(* Let $Z$ be any $n\times n$ complex matrix with singular values $r_1,\dots,r_n$, and let $U$ be any $n\times n$ unitary matrix. Then $$\prod_{k=1}^n\frac{|1-r_k|}{1+r_k}\le \frac{|\det(I-Z^*Z)|}{|\det(I-UZ)|^2},$$ where a fraction with zero denominator is interpreted as $+\infty$.
   Context: $Z^*$ denotes the conjugate transpose of $Z$ and $I$ the $n\times n$ identity matrix. *)

(* Complex scalars: an arbitrary numClosedFieldType C
   (algebraically closed field with conjugation and norm, e.g. algC). *)
From HB Require Import structures.
From mathcomp Require Import all_boot all_order all_algebra.
Set Implicit Arguments. Unset Strict Implicit. Unset Printing Implicit Defensive.
Import Order.TTheory GRing.Theory Num.Theory.
Local Open Scope ring_scope.

Definition ctmx (C : numClosedFieldType) (m n : nat) (A : 'M[C]_(m, n)) : 'M[C]_(n, m) :=
  (map_mx Num.conj A)^T.

(* U is unitary: U U^* = I (for square matrices this is equivalent to U^* U = I) *)
Definition unitary_mx (C : numClosedFieldType) (n : nat) (U : 'M[C]_n) : Prop :=
  U *m ctmx U = 1%:M.

(* r_1..r_n are the singular values of Z: nonnegative reals whose squares
   are the eigenvalues of Z^* Z, counted with algebraic multiplicity. *)
Definition singular_values (C : numClosedFieldType) (n : nat) (Z : 'M[C]_n)
  (r : 'I_n -> C) : Prop :=
  (forall k, 0 <= r k) /\
  char_poly (ctmx Z *m Z) = \prod_(k < n) ('X - (r k ^+ 2)%:P).

From HB Require Import structures.
From mathcomp Require Import all_boot all_order all_algebra.
Set Implicit Arguments. Unset Strict Implicit. Unset Printing Implicit Defensive.
Import Order.TTheory GRing.Theory Num.Theory.
Local Open Scope ring_scope.

(* The eigenvalues of Z^* Z are the r_k^2, so det (I - Z^* Z) = prod (1 - r_k)(1 + r_k)
   and it suffices to show |det (I - A)| <= prod (1 + r_k) for A = U Z, which has the
   same singular values.  Diagonalising A^* A unitarily writes A^* = M^* diag(r) K with
   M unitary and K a partial isometry, so |det (I - A)| = |det (I - diag(r) K')| for
   the contraction K' = K M^*.  Expanding det (diag a + diag s K') by multilinearity
   in each row with a_k, s_k both nonzero gives |det| <= prod (|a_k| + |s_k|): every
   term of the expansion is a diagonal matrix times I - Q + Q K' for a coordinate
   projection Q, and the eigenvalues of I - Q + Q K' lie in the closed unit disc. *)

Lemma horner_char_poly (R : comNzRingType) n (A : 'M[R]_n) x :
  (char_poly A).[x] = \det (x%:M - A).
Proof.
rewrite /char_poly -horner_evalE -det_map_mx; congr (\det _).
by apply/matrixP => i j; rewrite !mxE /= horner_evalE hornerD hornerN hornerC hornerMn hornerX.
Qed.

Lemma char_poly_similar (R : comUnitRingType) n (P A : 'M[R]_n) :
  P \in unitmx -> char_poly (invmx P *m A *m P) = char_poly A.
Proof.
move=> P_unit; rewrite /char_poly /char_poly_mx.
have -> : 'X%:M - map_mx polyC (invmx P *m A *m P) =
    map_mx polyC (invmx P) *m ('X%:M - map_mx polyC A) *m map_mx polyC P.
  rewrite mulmxBr mulmxBl !map_mxM; congr (_ - _).
  by rewrite -mulmxA -scalar_mxC mulmxA -map_mxM mulVmx // map_mx1 mul1mx.
by rewrite !det_mulmx mulrC mulrA -det_mulmx -map_mxM mulmxV // map_mx1 det1 mul1r.
Qed.

Section Contraction.
Variables (C : numClosedFieldType) (n : nat).
Implicit Types (M X : 'M[C]_n) (w : 'rV[C]_n).
Local Open Scope sesquilinear_scope.

Local Notation "''[' u ]" := (dotmx u u).

Definition contraction M := forall w, '[w *m M] <= '[w].

Lemma contraction_diag_gram M (q : 'rV[C]_n) :
  M *m M ^t* = diag_mx q -> (forall k, 0 <= q 0 k <= 1) -> contraction M.
Proof.
move=> MM q01 w; rewrite !dotmxE trmx_mul map_mxM !mulmxA -(mulmxA w) MM.
rewrite mul_mx_diag !mxE; apply: ler_sum => k _; rewrite !mxE mulrAC.
by case/andP: (q01 k) => q0 q1; rewrite ler_piMr ?mul_conjC_ge0.
Qed.

Definition coordproj (b : 'I_n -> bool) : 'M[C]_n := diag_mx (\row_k (b k)%:R).

Lemma coordproj_idem b : coordproj b *m coordproj b = coordproj b.
Proof.
rewrite mulmx_diag; congr diag_mx; apply/rowP => k; rewrite !mxE.
by case: (b k); rewrite ?mulr1 ?mulr0.
Qed.

Lemma coordproj_contraction b : contraction (coordproj b).
Proof.
apply: (contraction_diag_gram (q := \row_k (b k)%:R)) => [|k].
  rewrite tr_diag_mx map_diag_mx -[RHS]coordproj_idem; congr (_ *m diag_mx _).
  by apply/rowP => k; rewrite !mxE rmorph_nat.
by rewrite mxE; case: (b k); rewrite ?lexx ?ler01.
Qed.

Lemma eigenvalue_compression_le1 b M l : contraction M ->
  eigenvalue (1%:M - coordproj b + coordproj b *m M) l -> `|l| <= 1.
Proof.
move=> cM /eigenvalueP [x eig_x xN0]; set Q := coordproj b in eig_x.
set w := x *m Q.
have [w0 | wN0] := eqVneq w 0.
  have x_eig : x = l *: x.
    by rewrite -eig_x mulmxDr mulmxBr mulmx1 mulmxA -/w w0 mul0mx addr0 subr0.
  have : (1 - l) *: x = 0 by rewrite scalerBl scale1r -x_eig subrr.
  by move/eqP; rewrite scaler_eq0 (negbTE xN0) orbF subr_eq0 => /eqP <-; rewrite normr1.
have w_eig : w *m M *m Q = l *: w.
  rewrite /w scalemxAl -eig_x mulmxDr mulmxBr mulmx1 !mulmxDl mulNmx.
  by rewrite -!mulmxA coordproj_idem subrr add0r !mulmxA.
have : `|l| ^+ 2 * '[w] <= '[w].
  by rewrite -dnormZ -w_eig; apply: le_trans (coordproj_contraction _ _) (cM _).
rewrite ger_pMl ?dnorm_gt0 // => l2_le1.
by rewrite -(expr_le1 (n := 2)).
Qed.

Lemma det_norm_le1 X : (forall l, eigenvalue X l -> `|l| <= 1) -> `|\det X| <= 1.
Proof.
move=> eig_le1; have [rs char_rs] := closed_field_poly_normal (char_poly X).
rewrite (monicP (char_poly_monic X)) scale1r in char_rs.
have size_rs : size rs = n.
  by have := size_char_poly X; rewrite char_rs size_prod_XsubC => -[].
have det_rs : \det X = \prod_(z <- rs) z.
  apply: (@mulfI _ ((-1) ^+ n)); first by rewrite signr_eq0.
  by rewrite -char_poly_det char_rs coef0_prod_XsubC size_rs.
rewrite det_rs normr_prod big_seq; apply: prodr_ile1 => z z_rs.
rewrite normr_ge0 eig_le1 //.
by rewrite eigenvalue_root_char char_rs root_prod_XsubC.
Qed.

Lemma det_compression_le1 b M : contraction M ->
  `|\det (1%:M - coordproj b + coordproj b *m M)| <= 1.
Proof. by move=> cM; apply: det_norm_le1 => l; apply: eigenvalue_compression_le1. Qed.

Definition zero_coord (v : 'rV[C]_n) k : 'rV[C]_n :=
  \row_j (if j == k then 0 else v 0 j).

Lemma det_diag_add_diag_mul_split (a s : 'rV[C]_n) M k :
  \det (diag_mx a + diag_mx s *m M) =
  \det (diag_mx a + diag_mx (zero_coord s k) *m M) +
  \det (diag_mx (zero_coord a k) + diag_mx s *m M).
Proof.
have lift_neq i : (lift k i == k) = false by apply/negbTE; rewrite eq_sym neq_lift.
rewrite (determinant_multilinear
  (B := diag_mx a + diag_mx (zero_coord s k) *m M)
  (C := diag_mx (zero_coord a k) + diag_mx s *m M) (i0 := k) (b := 1) (c := 1)) ?mul1r //.
- by apply/rowP => j; rewrite !mul_diag_mx !mxE eqxx !mul1r mul0r mul0rn addr0 add0r.
- by apply/matrixP => i j; rewrite !mul_diag_mx !mxE lift_neq.
- by apply/matrixP => i j; rewrite !mul_diag_mx !mxE lift_neq.
Qed.

Lemma det_diag_add_diag_mul_disjoint (a s : 'rV[C]_n) M : contraction M ->
  (forall k, (a 0 k == 0) || (s 0 k == 0)) ->
  `|\det (diag_mx a + diag_mx s *m M)| <= \prod_k (`|a 0 k| + `|s 0 k|).
Proof.
move=> cM disj; set Q := coordproj (fun k => s 0 k != 0).
have -> : diag_mx a + diag_mx s *m M = diag_mx (a + s) *m (1%:M - Q + Q *m M).
  apply/matrixP => i j; rewrite !mul_diag_mx !mxE.
  have [->|sN0] := eqVneq (s 0 i) 0.
    by rewrite !(mul0r, mul0rn, addr0, subr0) mulr_natr.
  have -> : a 0 i = 0 by move: (disj i); rewrite (negbTE sN0) orbF => /eqP.
  by rewrite !(add0r, mul1r, mulr1n, subrr, mul0rn).
rewrite det_mulmx det_diag normrM -[X in _ <= X]mulr1.
apply: ler_pM; rewrite ?normr_ge0 ?det_compression_le1 // normr_prod.
by apply: ler_prod => k _; rewrite normr_ge0 mxE ler_normD.
Qed.

Lemma det_diag_add_diag_mul_le (a s : 'rV[C]_n) M : contraction M ->
  `|\det (diag_mx a + diag_mx s *m M)| <= \prod_k (`|a 0 k| + `|s 0 k|).
Proof.
move=> cM; pose overlap (u v : 'rV[C]_n) := [pred j | (u 0 j != 0) && (v 0 j != 0)].
have [m] := ubnP #|overlap a s|; elim: m a s => // m IHm a s; rewrite ltnS => ov_le.
have [k /andP [ak sk] | disj] := pickP (overlap a s); last first.
  apply: det_diag_add_diag_mul_disjoint => // j.
  by move/negbT: (disj j); rewrite negb_and !negbK.
have card_zero_coord (u v : 'rV[C]_n) :
    (forall j, (u 0 j != 0) && (v 0 j != 0) = (j != k) && ((a 0 j != 0) && (s 0 j != 0))) ->
    (#|overlap u v| < m)%N.
  move=> ov_uv; apply: leq_trans ov_le; rewrite (cardD1 k (overlap a s)).
  by rewrite inE ak sk add1n ltnS; apply/eq_leq/eq_card => j; rewrite !inE ov_uv.
have prod_zero_coord (g : 'I_n -> C -> C) (v : 'rV[C]_n) :
    \prod_j g j (zero_coord v k 0 j) = g k 0 * \prod_(j | j != k) g j (v 0 j).
  rewrite (bigD1 k) //= !mxE eqxx; congr (_ * _).
  by apply: eq_bigr => j /negbTE jk; rewrite !mxE jk.
rewrite (det_diag_add_diag_mul_split _ _ _ k) (bigD1 k) //= mulrDl.
apply: le_trans (ler_normD _ _) (lerD _ _).
  have ov_lt : (#|overlap a (zero_coord s k)| < m)%N.
    by apply: card_zero_coord => j; rewrite !mxE; case: (eqVneq j k) => [->|_];
      rewrite ?eqxx ?andbF.
  have := IHm _ _ ov_lt.
  by rewrite (prod_zero_coord (fun j x => `|a 0 j| + `|x|)) normr0 addr0.
have ov_lt : (#|overlap (zero_coord a k) s| < m)%N.
  by apply: card_zero_coord => j; rewrite !mxE; case: (eqVneq j k) => [->|_];
    rewrite ?eqxx.
have := IHm _ _ ov_lt.
by rewrite (prod_zero_coord (fun j x => `|x| + `|s 0 j|)) normr0 add0r.
Qed.

Lemma det_one_sub_diag_mul_le (s : 'rV[C]_n) M : contraction M ->
  `|\det (1%:M - diag_mx s *m M)| <= \prod_k (1 + `|s 0 k|).
Proof.
move=> cM; have -> : 1%:M - diag_mx s *m M = diag_mx (const_mx 1) + diag_mx (- s) *m M.
  by apply/matrixP => i j; rewrite !mul_diag_mx !mxE mulNr.
apply: le_trans (det_diag_add_diag_mul_le _ _ cM) _.
by under eq_bigr do rewrite !mxE normr1 normrN.
Qed.

End Contraction.

Section Adjoint.
Variable C : numClosedFieldType.
Local Open Scope sesquilinear_scope.

Lemma ctmxE m p (A : 'M[C]_(m, p)) : ctmx A = A ^t*.
Proof. by rewrite /ctmx map_trmx. Qed.

Lemma trmxC_mul m p q (A : 'M[C]_(m, p)) (B : 'M[C]_(p, q)) :
  (A *m B) ^t* = B ^t* *m A ^t*.
Proof. by rewrite trmx_mul map_mxM. Qed.

Lemma trmxC1 n : (1%:M : 'M[C]_n) ^t* = 1%:M.
Proof. by rewrite trmx1 map_mx1. Qed.

Lemma trmxCB m p (A B : 'M[C]_(m, p)) : (A - B) ^t* = A ^t* - B ^t*.
Proof. by rewrite linearB map_mxB. Qed.

Lemma det_trmxC n (A : 'M[C]_n) : \det (A ^t*) = (\det A)^*.
Proof. by rewrite det_map_mx det_tr. Qed.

· · · · ·

What is expected. Report the count of lines in the listing above that include "Definition", and nothing more.

Task answer. 6